My father died a few months ago. He lived a long and eventful life. A well-documented life.

During his retirement, he took time to write a series of vignettes about his past, his present, and general thoughts. By ‘a series,’ I mean he typed about 800 vignettes totaling more than 600,000 words.

Credit to phoenixsierra0 on pixabay.com

Why did he do this? Probably best that I let his words explain that. He used the metaphor of leaving footprints in the sand. But his rationale has nothing to do with the Christian allegorical poem “Footprints” of disputed origin. On June 12, 2014, my father wrote:

Here’s my basic view of the whole business. As we walk (run, or slouch) through life we leave footprints in the sand. Most of us leave our footprints … just above the low tide watermark and when we die, the sea comes in and obliterates them. No footprints, no markers, nothing to mark our having passed that way. All is gone except for some fading memories … and maybe a piece of lore or legend that lasts for a generation or so. This has been the bane of existence of the human race for thousands of generations. It probably will continue in that lively vein for another thousand generations. One could hope so in any event.
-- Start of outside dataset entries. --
Lemma pythagoras_finite :
  KL pi P (tensor L) = (KL pi P (tensor Pm) + KL pi (tensor Pm) (tensor L))%E /\
  KL pi P (tensor L) = (KL pi P (tensor Pm) + \sum_i KL (m i) (Pm i) (L i))%E.
Proof.
have Q_ge0 x y : 0 <= tensor Pm x y by apply: tensor_ge0 marginal_transition_ge0.
have KLiE : (\sum_i KL (m i) (Pm i) (L i) = (\sum_i KLsum (m i) (Pm i) (L i))%:E)%E.
  rewrite -sumEFin; apply: eq_bigr => i _; apply: KL_finE.
    exact: marginal_transition_ge0.
  exact: marginal_transition_support.
rewrite KL_tensor_marginal_transitionE KL_finE // KL_finE //; last first.
  exact: tensor_marginal_transition_support.
rewrite KLiE (KLsum_split _ _ _ (tensor Pm)) -!EFinD.
rewrite (sum_ln_tensor_ratio P_ge0 tensor_marginal_transition_gt0) //; last first.
  exact: sum_coord_transition.
by rewrite /KLsum (sum_ln_tensor_ratio Q_ge0) // => i G; apply: sum_coord_tensor.
Qed.
End Support.

Lemma pythagoras :
  KL pi P (tensor L) = (KL pi P (tensor Pm) + KL pi (tensor Pm) (tensor L))%E /\
  KL pi P (tensor L) = (KL pi P (tensor Pm) + \sum_i KL (m i) (Pm i) (L i))%E.
Proof.
have [L_supp|[x [y [P_gt0 L0]]]] := support_cases P (fun x y => tensor_ge0 x y L_ge0).
  exact: pythagoras_finite.
exact: pythagoras_eqy P_gt0 L0.
Qed.

Lemma KL_tensor_min_unique :
  KL pi P (tensor L) = KL pi P (tensor Pm) -> forall i a b, L i a b = Pm i a b.
Proof.
move=> eq_min i a b.
have sum_ge0 : (0 <= \sum_j KL (m j) (Pm j) (L j))%E.
  by apply: sume_ge0 => j _; apply: KL_marginal_ge0.
have sum0 : (\sum_j KL (m j) (Pm j) (L j) = 0)%E.
  move: pythagoras.2 sum_ge0; rewrite eq_min KL_tensor_marginal_transitionE.
  case: (\sum_j _)%E => [s| |] //=.
  by rewrite -EFinD => /eqP; rewrite eqe => /eqP sum0 _; congr (_%:E); lra.
have KLi0 : KL (m i) (Pm i) (L i) = 0%E.
  apply/eqP; rewrite eq_le KL_marginal_ge0 andbT -sum0 (bigD1 i) //= leeDl //.
  by apply: sume_ge0 => j _; apply: KL_marginal_ge0.
have Pm_tr := transition_marginal_transition i.
by rewrite (KL_eq0 (fun a => marginal_gt0 a) Pm_tr (L_tr i) KLi0).
Qed.

End Pythagoras.

Lemma Ipi_marginal_transition : Ipi pi P = KL pi P (tensor Pm).
Proof.
apply/eqP; rewrite eq_le; apply/andP; split.
  by apply: ereal_inf_lbound; exists Pm => //; apply: transition_marginal_transition.
apply: le_ereal_inf_tmp => _ [L L_tr <-].
rewrite (pythagoras L_tr).2 leeDl // sume_ge0 // => i _.
exact: KL_marginal_ge0.
Qed.

End Marginals.

Lemma Ipi_reversal (R : realType) (d : nat) (X : 'I_d -> finType)
    (pi : prodspace X -> R) (P : prodspace X -> prodspace X -> R) :
  prob_mass pi -> positive pi -> transition P ->
  (forall x, pi x = \prod_i marginal pi i (x i)) -> stationary pi P ->
  Ipi pi P = Ipi pi (reversal pi P).
Proof.
move=> pi_pm pi_gt0 P_tr pi_prod P_stat.
have Pr_tr := transition_reversal pi_gt0 P_tr P_stat.
rewrite !Ipi_marginal_transition // -(KL_reversal pi_gt0 P).
congr KL; apply/funext => x; apply/funext => y.
rewrite -(tensor_reversal _ _ _ pi_prod).
by apply: eq_bigr => i _; rewrite marginal_transition_reversal.
Qed.

Theorem theorem2p9 (R : realType) (d : nat) (X : 'I_d -> finType)
    (P : prodspace X -> prodspace X -> R) (L : forall i, X i -> X i -> R) :
  transition P -> (forall i, transition (L i)) ->
  (* 1. Pythagorean identity, unique minimizer, value of I^pi(P) *)
  (forall pi : prodspace X -> R, prob_mass pi -> positive pi ->
     (KL pi P (tensor L) =
        (KL pi P (tensor (marginal_transition pi P))
         + KL pi (tensor (marginal_transition pi P)) (tensor L))%E)
     /\ (KL pi P (tensor L) =
        (KL pi P (tensor (marginal_transition pi P))
         + \sum_(i < d) KL (marginal pi i) (marginal_transition pi P i) (L i))%E)
     /\ (forall i, transition (marginal_transition pi P i))
     /\ (forall L' : forall i, X i -> X i -> R, (forall i, transition (L' i)) ->
           KL pi P (tensor L') = KL pi P (tensor (marginal_transition pi P)) ->
           forall i a b, L' i a b = marginal_transition pi P i a b)
     /\ Ipi pi P = KL pi P (tensor (marginal_transition pi P))) /\
  (* 2. Bisection *)
  (forall pi : prodspace X -> R, prob_mass pi -> positive pi ->
     (forall x, pi x = \prod_(i < d) marginal pi i (x i)) ->
     stationary pi P ->
     Ipi pi P = Ipi pi (reversal pi P)).
Proof.
move=> P_tr L_tr; split=> pi pi_pm pi_gt0; last exact: Ipi_reversal.
have [pyth_tensor pyth_marginals] := pythagoras pi_pm pi_gt0 P_tr L_tr.
split=> //; split=> //; split; first exact: transition_marginal_transition.
split; last exact: Ipi_marginal_transition.
by move=> L' L'_tr; apply: KL_tensor_min_unique.
Qed.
“What if we could encourage everyone to share a few of their stories before they pass behind the black curtain? If a few would walk, and leave their footprints in the sand, but above the high tide level. They could write what a long life of seeing and experiencing change and how THEY managed. What joys and loves they experienced, also the hardships and sadness’s they overcame. What insights would they share? It seems selfish to die and take all the good stories with you.”
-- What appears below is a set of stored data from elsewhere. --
Lemma length_node_list (D : pt -> sym) (j : nat) : length (node_list D j) = nodes_upto D j.
Proof.
  induction j as [|j IH]; cbn [node_list nodes_upto];
    rewrite ?length_app, ?IH, length_level_node_list; reflexivity.
Qed.

Lemma in_level_node_list (D : pt -> sym) (s : nat) (a : pt) :
  In a (level_node_list D s) <->
  exists x, (x <= s)%nat /\ a = level_pt s x /\ is_nodeb D a = true.
Proof.
  unfold level_node_list. rewrite in_map_iff. split.
  - intros [x [<- Hx]]. apply filter_In in Hx as [Hx1 Hx2]. apply in_seq in Hx1.
    exists x. split; [lia | auto].
  - intros [x [Hx [-> Hn]]]. exists x. split; [reflexivity|].
    apply filter_In. split; [apply in_seq; lia | exact Hn].
Qed.

Lemma in_node_list (D : pt -> sym) (j : nat) (a : pt) :
  In a (node_list D j) <-> exists s, (s <= j)%nat /\ In a (level_node_list D s).
Proof.
  induction j as [|j IH]; cbn [node_list].
  - split; [intro H; exists O; split; [lia | exact H]|].
    intros [s [Hs H]]. replace s with O in H by lia. exact H.
  - rewrite in_app_iff, IH. split.
    + intros [[s [Hs H]]|H]; [exists s | exists (S j)]; split; auto; lia.
    + intros [s [Hs H]]. destruct (Nat.eq_dec s (S j)) as [->|Hne]; [right; exact H|].
      left. exists s. split; [lia | exact H].
Qed.

Lemma level_node_list_level (D : pt -> sym) (s : nat) (a : pt) :
  In a (level_node_list D s) -> fst a + snd a = Z.of_nat s.
Proof. rewrite in_level_node_list. intros [x [_ [-> _]]]. cbn. lia. Qed.

Lemma NoDup_node_list (D : pt -> sym) (j : nat) : NoDup (node_list D j).
Proof.
  assert (Hlevel : forall s, NoDup (level_node_list D s)).
  { intro s. apply Injective_map_NoDup; [|apply NoDup_filter, seq_NoDup].
    intros x y H. injection H. lia. }
  induction j as [|j IH]; cbn; [apply Hlevel|].
  apply NoDup_app; [exact IH | apply Hlevel|].
  intros a H1 H2. apply in_node_list in H1 as [s [Hs H1]].
  apply level_node_list_level in H1, H2. lia.
Qed.

(* If K lies in the triangle of height k, every node lies on a level <= k+1,
   so the list of nodes up to level k+1 enumerates all nodes. *)
Lemma num_nodes_upto (D : pt -> sym) (k : nat) :
  (forall m, fst m < 0 \/ snd m < 0 \/ Z.of_nat k < fst m + snd m -> D m = S0) ->
  num_nodes D (nodes_upto D (S k)).
Proof.
  intro zero_outside.
  exists (node_list D (S k)). split; [apply NoDup_node_list|].
  split; [|apply length_node_list].
  intro a. rewrite is_node_iff, in_node_list. split.
  - intro Hn. destruct a as [a1 a2].
    assert (Hb : 0 <= a1 /\ 0 <= a2 /\ a1 + a2 <= Z.of_nat k + 1).
    { destruct (node3_nonzero _ _ _ Hn) as [H|[H|H]];
        apply (support_in_triangle D k zero_outside) in H; cbn in H; lia. }
    exists (Z.to_nat (a1 + a2)). split; [lia|].
    apply in_level_node_list. exists (Z.to_nat a1). split; [lia|].
    split; [|exact Hn]. symmetry. apply (level_pt_of _ (a1, a2)); cbn; lia.
  - intros [s [_ H]]. apply in_level_node_list in H as [x [_ [_ Hn]]]. exact Hn.
Qed.

Lemma nodes_upto_bound (D : pt -> sym) (k : nat) (top : pt) :
  (forall m, fst m < 0 \/ snd m < 0 \/ Z.of_nat k < fst m + snd m -> D m = S0) ->
  connected_support D -> D (0, 0) <> S0 -> D top <> S0 ->
  fst top + snd top = Z.of_nat k ->
  Z.of_nat k + 6 <= 2 * Z.of_nat (nodes_upto D (S k)).
Proof.
  intros zero_outside connected origin_in top_in top_level.
  assert (Hchain : forall j, (j <= k)%nat ->
            3 + Z.of_nat j <= 2 * Z.of_nat (nodes_upto D j) + level_potential D j).
  { induction j as [|j IH]; intro Hj.
    - cbn [nodes_upto]. destruct (level_zero D k zero_outside origin_in) as [-> ->]. lia.
    - pose proof (level_gain D k zero_outside connected origin_in top top_in top_level j Hj).
      specialize (IH ltac:(lia)). cbn [nodes_upto]. rewrite Nat2Z.inj_add. lia. }
  pose proof (Hchain k (le_n _)).
  pose proof (level_gain_top D k zero_outside top top_in top_level).
  cbn [nodes_upto]. rewrite Nat2Z.inj_add. lia.
Qed.
(* Let $k\ge 2$, $D=\{0,1,\dots,k\}$, let $f:D^n\to\mathbb{R}$ be a $k$-submodular function, let $P\subseteq D^n$ be the set of points minimising $f$, and let $P_{\mathrm{int}}=P\cap\{1,\dots,k\}^n$. Then $P_{\mathrm{int}}$ can be described as the set of solutions in $\{1,\dots,k\}^n$ of a conjunction of arbitrary unary constraints and constraints of the forms $(x=a\lor y=b)$ with $a,b\in\{1,\dots,k\}$ and $(x=\pi(y))$ with $\pi$ a permutation of $\{1,\dots,k\}$.
   Context: With $\sqcap,\sqcup$ on $\{0,\dots,k\}$ given by $0\sqcap x=0$, $0\sqcup x=x$, $x\sqcap x=x\sqcup x=x$ and $x\sqcap y=x\sqcup y=0$ for distinct nonzero $x,y$, a function $f$ on $D^n$ is $k$-submodular if $f(X)+f(Y)\ge f(X\sqcap Y)+f(X\sqcup Y)$ for all $X,Y\in D^n$, with operations applied coordinatewise. *)

From HB Require Import structures.
From mathcomp Require Import all_boot all_order all_fingroup all_algebra.
Set Implicit Arguments. Unset Strict Implicit. Unset Printing Implicit Defensive.
Import Order.TTheory GRing.Theory Num.Theory.

(* The domain D = {0,1,...,k} is 'I_k.+1; points of D^n are {ffun 'I_n -> 'I_k.+1}. *)

Definition kmeet (k : nat) (x y : 'I_k.+1) : 'I_k.+1 :=
  if x == y then x else ord0.

Definition kjoin (k : nat) (x y : 'I_k.+1) : 'I_k.+1 :=
  if x == ord0 then y else if y == ord0 then x else if x == y then x else ord0.

Definition vmeet (n k : nat) (X Y : {ffun 'I_n -> 'I_k.+1}) : {ffun 'I_n -> 'I_k.+1} :=
  [ffun i => kmeet (X i) (Y i)].

Definition vjoin (n k : nat) (X Y : {ffun 'I_n -> 'I_k.+1}) : {ffun 'I_n -> 'I_k.+1} :=
  [ffun i => kjoin (X i) (Y i)].

Local Open Scope ring_scope.

Definition k_submodular (R : realFieldType) (n k : nat)
  (f : {ffun 'I_n -> 'I_k.+1} -> R) : Prop :=
  forall X Y, f (vmeet X Y) + f (vjoin X Y) <= f X + f Y.

Definition is_minimiser (R : realFieldType) (n k : nat)
  (f : {ffun 'I_n -> 'I_k.+1} -> R) (X : {ffun 'I_n -> 'I_k.+1}) : Prop :=
  forall Y, f X <= f Y.

Local Close Scope ring_scope.

Definition is_int (n k : nat) (X : {ffun 'I_n -> 'I_k.+1}) : bool :=
  [forall i, X i != ord0].

Inductive kconstr (n k : nat) : Type :=
| CUnary of 'I_n & {set 'I_k.+1}                  (* x_i \in S *)
| CDisj  of 'I_n & 'I_n & 'I_k.+1 & 'I_k.+1       (* x_i = a \/ x_j = b *)
| CPerm  of 'I_n & 'I_n & {perm 'I_k.+1}.         (* x_i = pi (x_j) *)

(* well-formedness: a, b in {1..k}; pi fixes 0, so it restricts to a
   permutation of {1..k} (and every permutation of {1..k} arises this way) *)
Definition kconstr_wf (n k : nat) (c : kconstr n k) : bool :=
  match c with
  | CUnary _ _ => true
  | CDisj _ _ a b => (a != ord0) && (b != ord0)
  | CPerm _ _ pi => pi ord0 == ord0
  end.

Definition kconstr_sat (n k : nat) (c : kconstr n k) (X : {ffun 'I_n -> 'I_k.+1}) : bool :=
  match c with
  | CUnary i A => X i \in A
  | CDisj i j a b => (X i == a) || (X j == b)
  | CPerm i j pi => X i == pi (X j)
  end.

From HB Require Import structures.
From mathcomp Require Import all_boot all_order all_fingroup all_algebra.
From mathcomp Require Import lra.
Set Implicit Arguments. Unset Strict Implicit. Unset Printing Implicit Defensive.
Import Order.TTheory GRing.Theory Num.Theory.

(* The minimisers of f lying in {1,...,k}^n are closed under the dual
   discriminator d(x,y,z) = (if x = y then x else z): on nonzero entries
   d(x,y,z) = ((x ⊓ y) ⊔ z) ⊔ (x ⊓ y), and the minimisers of a k-submodular
   function are closed under ⊓ and ⊔.  Since d is a majority operation, a
   relation closed under d contains every tuple all of whose binary projections
   it contains (Baker-Pixley).  A binary relation closed under d whose
   projections contain a and b but which misses (a, b) is either contained in
   some relation (x = a' \/ y = b') excluding (a, b), or is the graph of a
   partial bijection, which extends to a permutation.  Hence the constraints of
   the three allowed forms that hold on all integral minimisers describe them. *)

Definition dual_discr (T : eqType) (x y z : T) := if x == y then x else z.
I might not have used the word ‘selfish,’ but it is a shame so many people die without leaving a lasting record of their thoughts, recollections, and beliefs.

How much do you really know of your parents’ lives? Those of your grandparents? Further back? When they’re gone, you’ll have innumerable questions to ask them, but you’ll get no answer. In a sad irony of human experience, you’ll only get curious about them after it’s too late. If only they’d taken some time, while living, to write about their lives.

Perhaps it’s too late for your ancestors, but it’s not too late for you. Options include ready-made books such as Reflections From A Mother’s Heart or A Father’s Legacy or . Other similar versions abound. Such books contain prepared questions, and you write your answers.

Or you can do it the way my dad did. Simply write. Choose your own format and your own way to organize your thoughts. Or don’t organize. Just write what occurs to you, especially regarding aspects of your life you think others might become curious about. You’re trying to convey a sense of what your life has been like. It could be in the form of a journal or diary, such as you may buy in many stores, or regular emails that you retain on thumb drive or CD.

Even humdrum aspects of your life today might fascinate readers several generations from now. Your ancestors considered home ice delivery, churning butter, or dashes to the outhouse just part of life’s background. Most of them wouldn’t have imagined the lives we lead or the interest we’d have in their daily, banal routine.

Maybe you believe you’re not a writer. Perhaps your grammar and spelling both stink and you feel embarrassed about that, afraid to expose these flaws. I suggest you get over that. Those who read your words crave content, not flair. (Note: you could record your words in audio or video form.)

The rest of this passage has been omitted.